JuliaLang / julia

The Julia Programming Language
https://julialang.org/
MIT License
45.31k stars 5.45k forks source link

WIP: Extending `@simd` to support lexical forward dependences #8072

Closed ArchRobison closed 9 years ago

ArchRobison commented 10 years ago

@simd currently supports only loops with completely independent iterations. However, in classic vectorization, loops with "forward lexical dependencies" that are vectorizable. I'd like to extend @simd to cover such cases. (I'm currently engaged with the LLVM community on the necessary extension to LLVM.) Doing so requires some care in retaining lexical ordering information for memory accesses.

Question: when we generated LLVM IR from a Julia loop, do we generate it in lexical order, or can some early transformation reorder memory access that might have a dependence?

Motivation for Allowing Forward Lexical Dependencies

Rest of this note is motivation for postscript on why supporting lexical dependencies is useful. Without them, some problems require twice as many passes over data, or twice as much space. For example, consider following FDTD kernel:

function sweep( irange, jrange, U, Vx, Vy, A, B )
    for j in jrange
        for i in irange
            @inbounds begin
                u = U[i,j]
                Vx[i,j] += (A[i,j+1]+A[i,j])*(U[i,j+1]-u)
                Vy[i,j] += (A[i+1,j]+A[i,j])*(U[i+1,j]-u)
                U [i,j] = u + B[i,j]*((Vx[i,j]-Vx[i,j-1]) + (Vy[i,j]-Vy[i-1,j]))
            end
        end
    end
end

It is vectorizable even though the iterations are not completely independent, because the loop-carried dependencies are "forward lexical dependencies" that are preserved by vectorization. Informally, the key is guaranteeing that if lexical access X precedes lexical access Y in the loop body, then for two iterations m and n with m<n, Xm precedes Yn in the execution. In the example, that guarantee is necessary to ensure that each element of Vx is written before it is read, and that each element of U is read before it is written.

With the current `@simd`` semantics, which requires completely independent loop iterations, the j loop has to be split into two loops, one to update Vx and Vy, the other to update U. Doing so tends to hurt performance since it requires two passes over the data. In some other examples, the two passes require creation of a separate temporary array.

ArchRobison commented 9 years ago

["Ordering point" part updated 2014-Oct-22, influenced by this C++ paper]
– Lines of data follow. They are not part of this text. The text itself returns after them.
(* A (non-optimal) Hermite constant: gamma_(d+1) = 4^d gamma_d, gamma_0 = 1. *)
Fixpoint hermite_const d : R := if d is d'.+1 then 4 ^+ d' * hermite_const d' else 1.

Lemma hermite_const_gt0 d : 0 < hermite_const d.
Proof. by elim: d => [|d IH] //=; rewrite mulr_gt0 // exprn_gt0. Qed.

Lemma pivot_bound d (a detS : R) : 0 < a ->
  (a / 4) ^+ d <= hermite_const d * detS ->
  a ^+ d.+1 <= hermite_const d.+1 * (a * detS).
Proof.
move=> a_gt0; rewrite expr_div_n ler_pdivrMr ?exprn_gt0 // => bound_S.
rewrite exprS /= (_ : _ * (a * detS) = a * (hermite_const d * detS * 4 ^+ d)); last by ring.
by rewrite ler_pM2l.
Qed.

Lemma hermite_inequality d (G : 'M[R]_d) e : G^T = G -> 0 < e -> form_min_ge G e ->
  e ^+ d <= hermite_const d * \det G.
Proof.
elim: d G e => [|d IH] G e G_sym e_gt0 Gmin; first by rewrite det_mx00 mulr1.
have [U [a [S [shift [[_ e_le_a _ S_sym detG] [Smin _]]]]]] :=
  reduction_step G_sym e_gt0 Gmin.
have a_gt0 : 0 < a := lt_le_trans e_gt0 e_le_a.
have := pivot_bound a_gt0 (IH S _ S_sym (divr_gt0 a_gt0 (ltr0n _ 4)) Smin).
rewrite -detG; apply: le_trans; rewrite lerXn2r // nnegrE ltW //.
Qed.

Lemma reduced_basis d (e D : R) : 0 < e -> exists F : R,
  forall G : 'M[R]_d, G^T = G -> form_min_ge G e -> \det G <= D ->
  exists2 U : 'M[int]_d, U \in unitmx & forall i, qform G (intmx (col i U)) <= F.
Proof.
elim: d e D => [|d IH] e D e_gt0.
  by exists 0 => G _ _ _; exists 1%:M => [|[]]; first exact: unitmx1.
have [F' F'_basis] := IH (e / 4) (D / e) (divr_gt0 e_gt0 (ltr0n _ 4)).
exists (Num.max 1 (hermite_const d.+1 * D) + Num.max 0 F') => G G_sym Gmin detG_le.
have [U [a [S [shift [[uU e_le_a Ue0 S_sym detG] [Smin shift_bound]]]]]] :=
  reduction_step G_sym e_gt0 Gmin.
have a_gt0 : 0 < a := lt_le_trans e_gt0 e_le_a.
have hermite_S := hermite_inequality S_sym (divr_gt0 a_gt0 (ltr0n _ 4)) Smin.
have detS_ge0 : 0 <= \det S.
  have := le_trans (exprn_ge0 d (ltW (divr_gt0 a_gt0 (ltr0n _ 4)))) hermite_S.
  by rewrite pmulr_rge0 // hermite_const_gt0.
have a_le : a <= Num.max 1 (hermite_const d.+1 * D).
  have a_pow : a ^+ d.+1 <= hermite_const d.+1 * D.
    apply: le_trans (pivot_bound a_gt0 hermite_S) _; rewrite -detG ler_pM2l //.
    exact: hermite_const_gt0.
  have [a_le1|a_gt1] := lerP a 1; first by apply: le_trans a_le1 _; rewrite le_max lexx.
  rewrite le_max; apply/orP; right; apply: le_trans _ a_pow.
  by rewrite ler_eXnr // ltW.
have Smin' : form_min_ge S (e / 4) by move=> y y_neq0; have := Smin y y_neq0; lra.
have detS_le : \det S <= D / e by rewrite ler_pdivlMr // -[_ * e]mulrC; nra.
have [V uV V_bound] := F'_basis S S_sym Smin' detS_le.
set W : 'M[int]_(1 + d) := block_mx 1%:M (\row_j shift (col j V)) 0 V.
have uW : W \in unitmx by rewrite unitmxE det_ublock det1 mul1r -unitmxE.
exists (U *m W) => [|i]; first by rewrite unitmx_mul uU uW.
rewrite colE -mulmxA -colE /W block_mxEh.
case: (@split_ordP 1 d i) => [j ->|j ->].
  rewrite (@colKl _ _ 1 d) col_col_mx ord1.
  rewrite (_ : col 0 (1%:M : 'M[int]_1) = 1%:M); last by apply/matrixP=> k l; rewrite !ord1 !mxE.
  rewrite (_ : col 0 (0 : 'M[int]_(d, 1)) = 0); last by apply/matrixP=> k l; rewrite !mxE.
  by rewrite -/(e0 d) Ue0; apply: le_trans a_le _; rewrite lerDl le_max lexx.
rewrite (@colKr _ _ 1 d) col_col_mx.
rewrite (_ : col j (\row_j shift (col j V)) = (shift (col j V))%:M); last first.
  by apply/matrixP=> k l; rewrite !ord1 !mxE.
apply: le_trans (shift_bound _) _; have := V_bound j.
have : F' <= Num.max 0 F' by rewrite le_max lexx orbT.
lra.
Qed.

End ReductionTheory.

Section OrderedFieldFacts.
Set Implicit Arguments. Unset Strict Implicit.
Local Open Scope ring_scope.
Variable F : realFieldType.

Lemma sqr_le_sumsqr m (u : 'I_m -> F) (a : F) k (a_ge0 : 0 <= a) (a_le : a <= `|u k|) :
  a ^+ 2 <= \sum_i u i ^+ 2.
Proof.
rewrite (bigD1 k) //= -(real_normK (num_real (u k))).
apply: ler_wpDr; first by apply: sumr_ge0 => i _; exact: sqr_ge0.
by rewrite lerXn2r // nnegrE (le_trans a_ge0).
Qed.

Lemma abs_le_sumsqr m (u : 'I_m -> F) (B : F) k (sum_le : \sum_i u i ^+ 2 <= B) :
  `|u k| <= Num.max 1 B.
Proof.
rewrite le_max; have [//|u_gt1] := lerP `|u k| 1.
apply/orP; right; apply: le_trans sum_le.
apply: le_trans (_ : u k ^+ 2 <= _); last first.
  by rewrite (bigD1 k) //= lerDl; apply: sumr_ge0 => i _; exact: sqr_ge0.
rewrite -(real_normK (num_real (u k))) expr2 ler_peMr // ltW //.
Qed.

Lemma finite_pos_lower_bound (T : eqType) (P : pred T) (f : T -> F) (s : seq T) :
  (forall x, P x -> 0 < f x) -> exists2 d, 0 < d & forall x, x \in s -> P x -> d <= f x.
Proof.
move=> f_pos; elim: s => [|y s [d d_gt0 d_le]]; first by exists 1.
have [Py|nPy] := boolP (P y).
  exists (Num.min d (f y)); first by rewrite lt_min d_gt0 f_pos.
  move=> x; rewrite inE => /orP[/eqP -> _|x_s Px]; first by rewrite ge_min lexx orbT.
  by rewrite ge_min d_le.
exists d => // x; rewrite inE => /orP[/eqP -> Py|]; [by rewrite Py in nPy|exact: d_le].
Qed.

Lemma approx_product_bound n (K H v m : F) : 1 <= H -> v <= K / H ^+ n ->
  1 <= m -> m <= K * H -> v < 2 * K ^+ n.+1 / m ^+ n.
Proof.
move=> H_ge1 v_le m_ge1 m_le.
have H_gt0 : 0 < H := lt_le_trans ltr01 H_ge1.
have m_gt0 : 0 < m := lt_le_trans ltr01 m_ge1.
have K_gt0 : 0 < K by rewrite -(pmulr_lgt0 _ H_gt0) (lt_le_trans m_gt0).
rewrite ltr_pdivlMr ?exprn_gt0 //; apply: le_lt_trans (_ : v * m ^+ n <= K ^+ n.+1) _.
  apply: le_trans (ler_wpM2r (exprn_ge0 _ (ltW m_gt0)) v_le) _.
  apply: le_trans (ler_wpM2l (divr_ge0 (ltW K_gt0) (exprn_ge0 _ (ltW H_gt0))) _) _.
    by apply: lerXn2r m_le; rewrite nnegrE ?mulr_ge0 // ltW.
  by rewrite exprMn exprS mulrA mulrAC mulfVK // expf_neq0 // gt_eqF.
by rewrite ltr_pMl ?exprn_gt0 // ltr1n.
Qed.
After some experimentation with LLVM, discussion on the LLVM mailing list, and discussion with Intel vectorization experts, I've decided to drop this experiment, for several reasons:

That said, if someone takes up the issue in the future, here's my recommended roadmap: Add an explicit "ordering point" notation that can be used with @simd loops. The semantics of the ordering point is that an iteration does not leave the ordering point until all prior iterations reach it. The ordering point is a fiction within the compiler and has no run-time cost. Teach the tool chain to not move memory accesses over such points; i.e. the point quacks like a "signal fence".

The point notation would make it obvious to code readers (human and silicon) that there is special behavior that needs to be preserved. For example, in the seismic kernel, the point could be put before the expression that updates U, to make clear there is some kind of dependence on the preceding assignments that needs to be preserved.